In general, co-occurrence systems provide high recall but low precision rates. It is well known that Supervised Machine Learning methods produce the best results in Information Extraction tasks. One major limitation of these methods is that they require a significant number of annotated training examples. Unfortunately, there are very few annotated corpora because their construction is costly.
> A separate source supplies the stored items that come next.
Lemma lucasV_plus_ge_pow k : (a - 1) ^ Z.of_nat k.+1 <= V k.+1.
Proof.
elim: k => [|k IH]; first by rewrite /=; lia.
rewrite Nat2Z.inj_succ Z.pow_succ_r; last lia.
by have := @lucasV_plus_succ k; nia.
Qed.

Lemma lucasV_plus_2 : V 2 = a * a - 2.
Proof. by cbn [lucasV]; ring. Qed.

End PlusOne.
End LucasGrowth.

Section Repeats.
Local Open Scope Z_scope.
Variable M : Z.
Hypothesis quo_integral : pell_quo_integral M.

Lemma pell_minus_repeat t r u r' : 2 <= M -> pell_sol (-1) M t r -> pell_sol (-1) M u r' -> t < u ->
  exists a j, 1 <= a /\ (0 < j)%N /\ u = lucasV a (-1) (2 * j).+1.
Proof.
move=> HM Ht Hu Htu.
have [a [b [Hab Hmin]]] := pell_sol_min Ht.
have [j1 [Et _]] := pell_minus_lucas quo_integral HM Hab Hmin Ht.
have [[|j] [Eu _]] := pell_minus_lucas quo_integral HM Hab Hmin Hu; have [Ha _] := Hab.
  have Eua : u = a by rewrite Eu.
  by have := lucasV_minus_mono Ha (leq0n (2 * j1)); rewrite -Et /=; lia.
by exists a, j.+1.
Qed.

Lemma pell_plus_repeat t r u r' : 1 <= M -> pell_sol 1 M t r -> pell_sol 1 M u r' -> t < u ->
  exists a k, 3 <= a /\ (0 < k)%N /\ u = lucasV a 1 k.+1.
Proof.
move=> HM Ht Hu Htu.
have [a [b [Hab Hmin]]] := pell_sol_min Ht.
have [k1 [Et _]] := pell_plus_lucas quo_integral HM Hab Hmin Ht.
have Ha : 3 <= a by case: Hab; nia.
have [[|k] [Eu _]] := pell_plus_lucas quo_integral HM Hab Hmin Hu.
  have Eua : u = a by rewrite Eu.
  by have := lucasV_plus_mono Ha (leq0n k1); rewrite -Et /=; lia.
by exists a, k.+1.
Qed.

End Repeats.

(** * Square-free parts *)

Local Open Scope nat_scope.

Lemma squarefreeP M :
  reflect (0 < M /\ forall d, 1 < d -> ~~ (d * d %| M)) (squarefree M).
Proof.
apply: (iffP andP) => -[M0 H]; split=> //.
  move=> d d1; case: (leqP d M) => [dM | Md].
    by move/forallP/(_ (@Ordinal M.+1 d dM)): H; rewrite /= d1.
  by apply/negP => /(dvdn_leq M0); nia.
by apply/forallP => d; apply/implyP; apply: H.
Qed.

Lemma is_sqfree_partP M n :
  0 < n -> reflect (squarefree M /\ exists r, n = M * r ^ 2) (is_sqfree_part M n).
Proof.
move=> n0; apply: (iffP andP) => -[sqM Hr]; split=> //.
  by have /existsP [r /eqP ->] := Hr; exists r.
have [r Er] := Hr; apply/existsP.
have M0 : 0 < M by case/andP: sqM.
have rn : r < n.+1 by rewrite Er -mulnn; case: r {Er} => [|r]; nia.
by exists (Ordinal rn); apply/eqP.
Qed.

Lemma sqfree_part_le M n : 0 < n -> is_sqfree_part M n -> M <= n.
Proof.
by move=> n0 /(is_sqfree_partP _ n0) [_ [[|r] Er]]; move: n0; rewrite Er -mulnn; nia.
Qed.

Lemma sqfree_decomposition n : 0 < n -> exists M r, squarefree M /\ n = M * r ^ 2.
Proof.
elim/ltn_ind: n => n IH n0.
case: (boolP [exists d : 'I_n.+1, (1 < d) && (d * d %| n)])
  => [/existsP [d /andP [d1 /dvdnP [m Em]]] | Hno].
  have m0 : 0 < m by move: n0; rewrite Em; case: m {Em}.
  have dd : 4 <= d * d by nia.
  have [M [r [sqM Er]]] := IH m ltac:(nia) m0.
  by exists M, (r * d); split=> //; rewrite -!mulnn in Er *; rewrite {1}Em Er; nia.
exists n, 1; split; last by rewrite muln1.
apply/squarefreeP; split=> // d d1; apply/negP => dvd.
have dn : d < n.+1 by rewrite ltnS; apply: leq_trans (dvdn_leq n0 dvd); nia.
by move/existsP: Hno; apply; exists (Ordinal dn); rewrite d1.
Qed.

Lemma squarefree_mulsq_inj M M' r r' : squarefree M -> squarefree M' ->
  0 < r -> 0 < r' -> M * r ^ 2 = M' * r' ^ 2 -> M = M'.
Proof.
move=> /squarefreeP [_ sqM] /squarefreeP [_ sqM'] r0 r'0 E.
set g := gcdn r r'; have g0 : 0 < g by rewrite gcdn_gt0 r0.
have [a Ea] : exists a, r = a * g by exists (r %/ g); rewrite divnK // dvdn_gcdl.
have [b Eb] : exists b, r' = b * g by exists (r' %/ g); rewrite divnK // dvdn_gcdr.
have cop : coprime (a * a) (b * b).
  suff cab : coprime a b by rewrite coprimeMl !coprimeMr cab.
  by rewrite /coprime -(eqn_pmul2r g0) mul1n muln_gcdl -Ea -Eb.
have E2 : M * (a * a) = M' * (b * b).
  have gg : 0 < g * g by rewrite muln_gt0 g0.
  by apply/eqP; rewrite -(eqn_pmul2r gg); apply/eqP; move: E; rewrite Ea Eb -!mulnn; lia.
have a1 : a = 1.
  case: (ltngtP a 1) => // a1; first by move: r0; rewrite Ea; case: a a1 {Ea E2 cop}.
  by have := sqM' a a1; rewrite -(Gauss_dvdl _ cop) -E2 dvdn_mull.
have b1 : b = 1.
  case: (ltngtP b 1) => // b1; first by move: r'0; rewrite Eb; case: b b1 {Eb E2 cop}.
  by have := sqM b b1; rewrite coprime_sym in cop; rewrite -(Gauss_dvdl _ cop) E2 dvdn_mull.
by move: E2; rewrite a1 b1 !muln1.
Qed.

Definition sfpart (n : nat) : nat := head 0 [seq M <- iota 0 n.+1 | is_sqfree_part M n].

Lemma sfpartP n : 0 < n -> is_sqfree_part (sfpart n) n.
Proof.
move=> n0; have [M [r [sqM Er]]] := sqfree_decomposition n0.
have HM : is_sqfree_part M n by apply/(is_sqfree_partP _ n0); split=> //; exists r.
have : M \in [seq M <- iota 0 n.+1 | is_sqfree_part M n].
  by rewrite mem_filter HM mem_iota /= add0n ltnS (sqfree_part_le n0 HM).
rewrite /sfpart; case: [seq M <- iota 0 n.+1 | is_sqfree_part M n]
  (filter_all (is_sqfree_part^~ n) (iota 0 n.+1)) => [|M' s] //= /andP [] //.
Qed.

Lemma sfpart_eq M n : 0 < n -> is_sqfree_part M n -> sfpart n = M.
Proof.
move=> n0 /(is_sqfree_partP _ n0) [sqM [r Er]].
have /(is_sqfree_partP _ n0) [sqS [r' Er']] := sfpartP n0.
have pos (k R : nat) : n = k * R ^ 2 -> 0 < R.
  by move: n0 => /[swap] ->; case: R; rewrite ?muln0.
exact: squarefree_mulsq_inj sqS sqM (pos _ _ Er') (pos _ _ Er) (etrans (esym Er') Er).
Qed.

Lemma sfpartMsq n h : 0 < n -> 0 < h -> sfpart (n * h ^ 2) = sfpart n.
Proof.
move=> n0 h0; have /(is_sqfree_partP _ n0) [sqS [r Er]] := sfpartP n0.
have nh0 : 0 < n * h ^ 2 by rewrite muln_gt0 n0 expn_gt0 h0.
apply: sfpart_eq => //; apply/(is_sqfree_partP _ nh0); split=> //.
by exists (r * h); rewrite {1}Er expnMn mulnA.
Qed.

Lemma size_undup_rcons (T : eqType) (s : seq T) x :
  size (undup (rcons s x)) = size (undup s) + (x \notin s).
Proof.
have -> : size (undup (rcons s x)) = size (undup (x :: s)).
  by apply/perm_size/uniq_perm; rewrite ?undup_uniq // => y; rewrite !mem_undup mem_rcons.
by rewrite /=; case: (x \in s) => /=; rewrite ?addn0 ?addn1.
Qed.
In this paper, we propose a system based on distant supervision [34], an alternative solution that does not need annotated data. The distant supervision hypothesis establishes that if two entities occur in a sentence, then both entities might participate in a relation. The learning process is supervised by a database, rather than by annotated texts. Thus, this approach does not imply overfitting problems that produce a domain-dependence in almost all supervised systems.

Thus, while in a classical supervised approach the system would be limited to the small size of the SpanishADR corpus, which only contains 400 user messages [32, 33], the main advantage is that a system based on distant supervision can use all user messages (84,090) collected from ForumClínic. In particular, our system uses the SpanishDrugEffectDB database to train a distant supervision model for relation extraction.

Creating training and testing data

Firstly, all user messages from ForumClínic were processed using our GATE pipeline (see Figure 1) to identify the mentions of drugs and their effects in texts. The reader can find a detailed description of this pipeline in [32, 33]. Once entities were automatically annotated, all pairs (drug, effect) which occurred in a window size of 250 tokens were considered as relation instances. Each relation instance was searched for in the SpanishDrugEffectDB database in order to know if it is a positive instance. Then, the collection of user messages was split into two different datasets, leaving 75% for training (with a total of 63,067 messages) and 25% (21,023 messages) for testing. In this way, the database gives us a training set of relation instances to train any supervised algorithm.
Figure 1

Pipeline integrated in GATE platform to process user messages.

Shallow Linguistic Kernel

We decided to use the Shallow Linguistic (SL) kernel proposed by Giuliano et al. [35] because it has been shown to perform well using only shallow linguistic features. Furthemore, we think that kernel methods incorporating syntactic information are not suitable for social media texts, since many sentences are ungrammatical, and thereby, a syntactic parser is not able to correctly process them. Another important advantage is that the performance of the SL kernel does not seem to be influenced by named entity recognition errors [36]. The SL kernel is a linear combination of two sequence kernels, Global Context and Local Context.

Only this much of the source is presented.